Another great advantage of preparing a very large quantity of a few boring libraries is that these experiments could be run very quickly.  Analysis of the data could be used to generate hypotheses which could in turn be tested almost immediately.  With the PacBio, one could even imagine systematic tests of various parameters in a Design of Experiments framework.  

Of course, once great progress was made on the boring libraries the generality of the solutions would need to be tested on a greater diversity of samples.  One also cannot completely discount the idea that strobe sequencing will always incur a cost versus non-strobe.  Right now, that cost is steep, but perhaps with some optimization it can be made far less taxing.


Anonymous said...

Looks like some folks are actually starting to think about this:

Keith Robison said...

My impression is that OpGen's box sells for an awful lot also, and it does just one thing.

There is a real danger that sequencing-based methods will fill the niche that OpGen is trying to occupy, and those will provide much more information (such as haplotypes).

For example, an acquaintance mentioned getting good mate pair libraries from original inserts around 30Kb. HAPPy mapping by sequencing is apparently been demonstrated on an invertebrate genome. Illumina sequencing of liquid culture fosmids was successfully used to haplotype a human (published by Shendure's lab).
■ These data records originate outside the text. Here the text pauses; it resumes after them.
(* Let $m\equiv n\equiv 0\pmod 3$, $u\equiv 2,4\pmod 6$, $v=2m+2n+u$, $c<\binom u3$, and let $(u,c)$ satisfy (C2) with associated pair $(\lambda,\delta)$. Suppose (i) $(V,\mathcal A)$ is a simple NGDD$(2,3,v)$ of type $2^{(m,n)}u^1$ with size-2 groups $G_1,\dots,G_{m+n}$ and group $U$ of size $u$; (ii) $(V,\mathcal B)$ is a simple GDD$_{\lambda-1}(2,3,v)$ of type $1^{2m+2n}u^1$ with long group $U$; and (iii) $(U,\mathcal C)$ is an NWBTS$(u;c)$. If $\mathcal A,\mathcal B,\mathcal C$ are pairwise disjoint, then $\mathcal F=\mathcal A\cup\mathcal B\cup\mathcal C$ is the block set of an NWBTS$(v;|\mathcal F|)$, where $3|\mathcal F|=\lambda\binom v2+m-n+\delta$.
   Context: NGDD$(2,3,v)$ of type $2^{(m,n)}u^1$: $V$ is a set of $v=2(m+n)+u$ points partitioned into groups $G_1,\dots,G_{m+n}$ of size 2 and $U$ of size $u$; a set of triples on $V$ such that each pair $G_i$ with $1\le i\le m$ lies in exactly two blocks, each pair in $\binom U2\cup\{G_i:m<i\le m+n\}$ lies in no block, and every other pair of $V$ lies in exactly one block. A GDD$_\mu(2,3,v)$ of type $1^{v-u}u^1$ with long group $U$: triples on $V$, none containing two points of $U$, every pair not inside $U$ in exactly $\mu$ blocks. Simple: no repeated blocks. A triple system TS$(v;b)$ is a pair $(V,\mathcal F)$, $V$ a set of $v\ge3$ points, $\mathcal F$ a multiset of $b$ 3-subsets (blocks). $\lambda_{x_1,\dots,x_j}$ is the number of blocks containing $\{x_1,\dots,x_j\}$; $j$-balanced means $|\lambda_{x_1,\dots,x_j}-\lambda_{y_1,\dots,y_j}|\le1$ for all $j$-subsets. Associated pair $(\lambda,\varepsilon)$ of $(v,b)$: $3b=\lambda\binom v2+\varepsilon$, $-v/2<\varepsilon<v/2$. (C2): $v$ even and $\lambda v(v-1)/6-v/6<b<\lambda v(v-1)/6+v/6$ for odd $\lambda$ (the $\lambda$ of the associated pair). Defect graph (when all $\lambda_{x,y}\in\{\lambda-1,\lambda,\lambda+1\}$): graph on $V$ with edges of pairs with $\lambda_{x,y}=\lambda+1$ (label $+1$) or $\lambda-1$ (label $-1$); isomorphisms preserve labels. $H^0_{v,\varepsilon}$: perfect matching with $(v+2\varepsilon)/4$ edges $+1$, $(v-2\varepsilon)/4$ edges $-1$; $H^1_{v,\varepsilon}$: disjoint union of a $K_{1,3}$ with two $+1$ and one $-1$ edge and a matching of the other $v-4$ vertices with $(v-6+2\varepsilon)/4$ edges $+1$, $(v-2-2\varepsilon)/4$ edges $-1$; $H^2_{v,\varepsilon}$: disjoint union of a $K_{1,3}$ with one $+1$ and two $-1$ edges and a matching of the other $v-4$ vertices with $(v-2+2\varepsilon)/4$ edges $+1$, $(v-6-2\varepsilon)/4$ edges $-1$. Under (C2) a TS is nearly 2-balanced if all $\lambda_{x,y}\in\{\lambda-1,\lambda,\lambda+1\}$ and its defect graph is $\cong H^0_{v,\varepsilon}$ when $\varepsilon\equiv v/2\pmod 2$, and $\cong H^1_{v,\varepsilon}$ or $H^2_{v,\varepsilon}$ otherwise. An NWBTS is a nearly 2-balanced, 3-balanced TS. *)

From mathcomp Require Import all_boot all_order all_algebra.
Set Implicit Arguments. Unset Strict Implicit. Unset Printing Implicit Defensive.
Import Order.TTheory GRing.Theory Num.Theory.
Local Open Scope ring_scope.

Section TripleSystems.
Variable T : finType.

(* Blocks are given as a list (multiset) of subsets of T. *)
Definition lam (F : seq {set T}) (S : {set T}) : nat :=
  count (fun X : {set T} => S \subset X) F.

Definition is_TS (P : {set T}) (F : seq {set T}) : Prop :=
  (3 <= #|P|)%N /\ forall X, X \in F -> X \subset P /\ #|X| = 3%N.

Definition jbalanced (P : {set T}) (F : seq {set T}) (j : nat) : Prop :=
  forall S1 S2 : {set T}, S1 \subset P -> S2 \subset P ->
    #|S1| = j -> #|S2| = j -> (lam F S1 <= lam F S2 + 1)%N.

Definition assoc_pair (v b lam0 : nat) (eps : int) : Prop :=
  (3 * b)%:Z = (lam0 * 'C(v, 2))%:Z + eps /\
  - (v%:Z) < 2 * eps /\ 2 * eps < v%:Z.

Definition C2 (v b lam0 : nat) (eps : int) : Prop :=
  ~~ odd v /\ odd lam0 /\ assoc_pair v b lam0 eps.

(* Concrete labelled graphs H^k_{v,eps} on vertex set {0,...,v-1}:
   label +1 / -1 for edges, 0 for non-edges. *)
Definition Hlab (k v : nat) (e : int) (i j : nat) : int :=
  let a := minn i j in let b := maxn i j in
  if a == b then 0 else
  match k with
  | 0%N => (* perfect matching {2p, 2p+1}, first (v+2e)/4 pairs +1, rest -1 *)
      if a./2 == b./2 then
        (if (a./2)%:Z < ((v%:Z + 2 * e) %/ 4)%Z then 1 else -1)
      else 0
  | 1%N => (* K_{1,3}: centre 0, edges 01,02 (+1), 03 (-1);
              matching on 4..v-1, first (v-6+2e)/4 pairs +1, rest -1 *)
      if a == 0%N then
        (if (b == 1%N) || (b == 2%N) then 1 else if b == 3%N then -1 else 0)
      else if (4 <= a)%N && (a./2 == b./2) then
        (if ((a./2 - 2)%N)%:Z < ((v%:Z - 6 + 2 * e) %/ 4)%Z then 1 else -1)
      else 0
  | _ => (* K_{1,3}: centre 0, edge 01 (+1), 02,03 (-1);
            matching on 4..v-1, first (v-2+2e)/4 pairs +1, rest -1 *)
      if a == 0%N then
        (if b == 1%N then 1 else if (b == 2%N) || (b == 3%N) then -1 else 0)
      else if (4 <= a)%N && (a./2 == b./2) then
        (if ((a./2 - 2)%N)%:Z < ((v%:Z - 2 + 2 * e) %/ 4)%Z then 1 else -1)
      else 0
  end.

(* H^k_{v,eps} exists: edge counts are nonnegative integers *)
Definition Hwf (k v : nat) (e : int) : Prop :=
  match k with
  | 0%N => (4 %| v%:Z + 2 * e)%Z /\ 0 <= v%:Z + 2 * e /\ 0 <= v%:Z - 2 * e
  | 1%N => (4 %| v%:Z - 6 + 2 * e)%Z /\ 0 <= v%:Z - 6 + 2 * e /\ 0 <= v%:Z - 2 - 2 * e
  | _ => (4 %| v%:Z - 2 + 2 * e)%Z /\ 0 <= v%:Z - 2 + 2 * e /\ 0 <= v%:Z - 6 - 2 * e
  end.

Definition defect_iso (P : {set T}) (F : seq {set T}) (lam0 k : nat) (e : int)
  : Prop :=
  Hwf k #|P| e /\
  exists f : T -> 'I_#|P|, {in P &, injective f} /\
    forall x y, x \in P -> y \in P -> x != y ->
      (lam F [set x; y])%:Z - lam0%:Z = Hlab k #|P| e (f x) (f y).

Definition nearly2balanced (P : {set T}) (F : seq {set T}) : Prop :=
  exists (lam0 : nat) (eps : int),
    C2 #|P| (size F) lam0 eps /\
    (forall x y, x \in P -> y \in P -> x != y ->
       (lam0 <= lam F [set x; y] + 1 /\ lam F [set x; y] <= lam0 + 1)%N) /\
    (if (eps == (#|P|./2)%:Z %[mod 2])%Z
     then defect_iso P F lam0 0 eps
     else defect_iso P F lam0 1 eps \/ defect_iso P F lam0 2 eps).

Definition NWBTS (P : {set T}) (b : nat) (F : seq {set T}) : Prop :=
  is_TS P F /\ size F = b /\ nearly2balanced P F /\ jbalanced P F 3.

Definition NGDD (m n : nat) (U : {set T}) (G : 'I_(m + n) -> {set T})
  (A : seq {set T}) : Prop :=
  uniq A /\ (forall X, X \in A -> #|X| = 3%N) /\
  forall x y : T, x != y ->
    lam A [set x; y] =
      if [exists i : 'I_(m + n), ([set x; y] == G i) && (i < m)%N] then 2%N
      else if ((x \in U) && (y \in U)) ||
              [exists i : 'I_(m + n), ([set x; y] == G i) && (m <= i)%N]
      then 0%N else 1%N.

Definition GDD (U : {set T}) (mu : nat) (B : seq {set T}) : Prop :=
  uniq B /\ (forall X, X \in B -> #|X| = 3%N /\ (#|X :&: U| <= 1)%N) /\
  forall x y : T, x != y -> ~~ ((x \in U) && (y \in U)) ->
    lam B [set x; y] = mu.

End TripleSystems.

Arguments NGDD {T} m n U G A.
Arguments lam {T} F S.
Arguments is_TS {T} P F.
Arguments jbalanced {T} P F j.
Arguments defect_iso {T} P F lam0 k e.
Arguments nearly2balanced {T} P F.
Arguments NWBTS {T} P b F.
Arguments GDD {T} U mu B.

From mathcomp Require Import all_boot all_order all_algebra.
From mathcomp Require Import zify.
Import Order.TTheory GRing.Theory Num.Theory.
Set Implicit Arguments.
Unset Strict Implicit.
Unset Printing Implicit Defensive.
Local Open Scope ring_scope.

(* Let [F = A ++ B ++ C].  A pair of points outside [U] lies in [lam0] blocks of [F] if it is
   no group, and in [lam0 + 1] or [lam0 - 1] blocks if it is a group [G i] with [i < m] or
   [m <= i]; a pair inside [U] is covered by [C] only.  So the defect graph of [F] is that of [C]
   plus a perfect matching on the groups with [m] positive and [n] negative edges.  Inserting the
   positive edges right after those of [C] and appending the negative ones exhibits it as the same
   [H^k], now on [v] vertices and with [eps = m - n + delta]; summing the defects over all pairs
   gives [3 |F| = lam0 C(v, 2) + m - n + delta].  Finally a triple is covered at most once:
   outside [U] only by the simple and disjoint [A] and [B], inside [U] only by [C], which misses
   some triple and is 3-balanced. *)

(* [Hnum k v e / 4] is the number of +1 matching edges of [H^k_{v,e}]; they and, for [k > 0],
   the star occupy the first [Hhead k P] vertices. *)
Definition Hnum (k v : nat) (e : int) : int :=
  match k with
  | 0%N => v%:Z + 2 * e
  | 1%N => v%:Z - 6 + 2 * e
  | _ => v%:Z - 2 + 2 * e
  end.

Definition Hhead (k P : nat) : nat := (2 * P + (if k is 0 then 0 else 4))%N.

Lemma Hwf_head k v e :
  Hwf k v e -> exists P : nat, Hnum k v e = 4 * P%:Z /\ (Hhead k P <= v)%N.
Proof.
by case: k => [|[|k]] [/dvdzP[q Eq] [h1 h2]]; exists `|q|%N; rewrite /Hhead /=; split; lia.
Qed.

Lemma Hwf_grow k u d m n : Hwf k u d -> Hwf k (u + 2 * (m + n))%N (m%:Z - n%:Z + d).
Proof. by case: k => [|[|k]] [h0 [h1 h2]]; (split; [lia | split; lia]). Qed.

Lemma Hlab_range k v e i j : Hlab k v e i j \in [:: 0; 1; -1].
Proof. by rewrite /Hlab; case: k => [|[|k]]; repeat (case: ifP => _). Qed.

Lemma divz_4mul (P : nat) : ((4 * P%:Z) %/ 4)%Z = P%:Z.
Proof. by rewrite mulrC mulzK. Qed.

Definition group_sign (m i : nat) : int := if (i < m)%N then 1 else -1.

Definition vcode := (nat + nat * bool)%type.

(* Positions in [H^k_{u + 2(m + n), m - n + d}] of the vertices of [H^k_{u,d}] ([inl j]) and of
   the two points of group [i] ([inr (i, b)]): the first [t] vertices stay, the [m] positive
   groups follow as new +1 edges, the rest of [H^k_{u,d}] is shifted by [2m], and the [n]
   negative groups come last. *)
Definition grow_pos (t u m : nat) (a : vcode) : nat :=
  match a with
  | inl j => if (j < t)%N then j else (j + 2 * m)%N
  | inr (i, b) => ((if (i < m)%N then t + 2 * i else u + 2 * i) + b)%N
  end.

Definition grow_lab (k u : nat) (d : int) (m : nat) (a a' : vcode) : int :=
  match a, a' with
  | inl j, inl j' => Hlab k u d j j'
  | inr (i, b), inr (i', b') => if (i == i') && (b != b') then group_sign m i else 0
  | _, _ => 0
  end.

Definition vcode_ok (u mn : nat) (a : vcode) : bool :=
  match a with inl j => (j < u)%N | inr (i, _) => (i < mn)%N end.

Local Open Scope nat_scope.

Lemma Hlab_grow_pos k u d m n P a a' :
  Hnum k u d = (4 * P%:Z)%R -> Hhead k P <= u -> ~~ odd u ->
  vcode_ok u (m + n) a -> vcode_ok u (m + n) a' ->
  Hlab k (u + 2 * (m + n)) (m%:Z - n%:Z + d)%R
    (grow_pos (Hhead k P) u m a) (grow_pos (Hhead k P) u m a')
  = grow_lab k u d m a a'.
Proof.
move=> EP htu ue.
have EPm : Hnum k (u + 2 * (m + n)) (m%:Z - n%:Z + d)%R = (4 * (P + m)%:Z)%R.
  by case: k EP {htu} => [|[|k]] /=; lia.
case: k EP EPm htu => [|[|k]] /= EP EPm; rewrite /Hhead /= => htu;
  case: a => [j|[i []]]; case: a' => [j'|[i' []]] /= ok ok';
  case: ltnP => ?; case: ltnP => ?;
  rewrite /Hlab /group_sign ?EP ?EPm ?divz_4mul;
  repeat (case: ifP => ?); lia.
Qed.

Lemma grow_pos_inj t u m mn a a' : t <= u ->
  vcode_ok u mn a -> vcode_ok u mn a' -> grow_pos t u m a = grow_pos t u m a' -> a = a'.
Proof.
move=> htu; case: a => [j|[i b]]; case: a' => [j'|[i' b']] /= ok ok'.
- by move=> E; congr inl; move: E; do 2 case: ifP => ?; lia.
- by do 2 case: ifP => ?; case: b'; lia.
- by do 2 case: ifP => ?; case: b; lia.
- move=> E; suff [-> ->] : i = i' /\ b = b' by [].
  by move: b b' E => [] []; do 2 case: ifP => ?; lia.
Qed.

Lemma grow_pos_lt t u m n a : t <= u -> vcode_ok u (m + n) a ->
  grow_pos t u m a < u + 2 * (m + n).
Proof. by move=> htu; case: a => [j|[i []]] /=; case: ifP; lia. Qed.

Local Open Scope ring_scope.

Section Blocks.
Variable T : finType.
Implicit Types (P S : {set T}) (L : seq {set T}).

Definition pairs_of P : {set {set T}} := [set p : {set T} | p \subset P & #|p| == 2%N].

Lemma lam_cat L1 L2 S : lam (L1 ++ L2) S = (lam L1 S + lam L2 S)%N.
Proof. exact: count_cat. Qed.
Several groups have published on generating Illumina libraries from isolated chromosomes.

If OpGen is going to succeed in the short term, they need to really grab attention & become the recognized standard method. Otherwise, the sorts of things I mentioned above, PacBio pushing their read lengths out & the spectre of ultra-long read sequencing technologies (which would not require much accuracy to go after OpGen's space) will nibble away at OpGen's market.

Anonymous said...

Hi Keith, excellent post I found after looking for data on the strobe success rates on a PacBio. I thought the 2/3 ZMW quitting after the first dark period was startling. However, I did notice your original post was back in May. Have you heard any new updated data since it is now August?
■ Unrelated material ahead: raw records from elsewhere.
Lemma witness_offdiag (c : 'M[R[i]]_8) :
  krausM K c 1%:M = 0 -> krausM_dual K c 1%:M = 0 ->
  forall i j : 'I_8, i != j -> c i j = 0.
Proof.
move=> c1 c2 i j ij.
have colE (a b : 'I_6) (l : 'I_8) : cell_op a b == l -> witness_col a b = l.
  by move=> /eqP e; apply: val_inj; rewrite /= witness_colE.
have nz (a b : 'I_6) : cell_weight a b != 0 -> witness_entry a b != 0.
  by rewrite witness_entry_eq0.
have zero (a b : 'I_6) : cell_weight a b == 0 -> witness_entry a b = 0.
  by rewrite -witness_entry_eq0 => /eqP.
have ij' : (i : nat) != j := ij.
have := all_ltP (all_ltP witness_cover i) j; rewrite (negbTE ij') /=.
case/orP => /has_ltP[p] /has_ltP[q] /has_ltP[r] /and3P[opi opj /and3P[w1 w2 /all_ltP single]].
- rewrite -(colE _ _ _ opi) -(colE _ _ _ opj).
  apply: pattern_offdiag_dual c2 (nz _ _ w1) (nz _ _ w2) _ => a ne.
  by case/or3P: (single a) => [/eqP/ord_inj ap | /zero | /zero];
    [rewrite ap eqxx in ne | left | right].
- rewrite -(colE _ _ _ opi) -(colE _ _ _ opj).
  apply: pattern_offdiag c1 (nz _ _ w1) (nz _ _ w2) _ => b ne.
  by case/or3P: (single b) => [/eqP/ord_inj bq | /zero | /zero];
    [rewrite bq eqxx in ne | left | right].
Qed.

Lemma witness_weights_full_rank (u : nat -> R) :
  (forall a, (a < 6)%N -> \sum_(b < 6) u (cell_op a b) *+ cell_weight a b = 0) ->
  (forall b, (b < 6)%N -> \sum_(a < 6) u (cell_op a b) *+ cell_weight a b = 0) ->
  forall l, (l < 8)%N -> u l = 0.
Proof.
move=> row col l lt_l8.
move: (row 0%N isT) (row 1%N isT) (row 2%N isT) (row 3%N isT) (row 4%N isT) (row 5%N isT).
move: (col 0%N isT) (col 1%N isT) (col 2%N isT) (col 3%N isT) (col 4%N isT) (col 5%N isT).
rewrite !big_ord_recr !big_ord0 /cell_op /cell_weight /=.
by move=> *; case: l lt_l8 => [|[|[|[|[|[|[|[|l]]]]]]]] // _; lra.
Qed.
In terms of the OpGen technology that you wrote about in the comments, it would seem to me that a single molecule mapping read that OpGen collects (they’ve stated >200 Kb and no theoretical upper size limit) is far and away larger than any strobe read, any sequence read, or any insert library currently used. So, OpGen still brings data to the table and they are more complementary to sequencing than competitive at this point and for the foreseeable future. Just like many people are using multiple sequencing read data sets (e.g. illumina and 454) to complete genomes, using an OpGen technology hybrid assembly approach with nextgen data has already been shown to be fruitful (Sequence Finishing and Analysis in the Future 2011 conference). It doesn’t seem as though any one set of data will rule them all.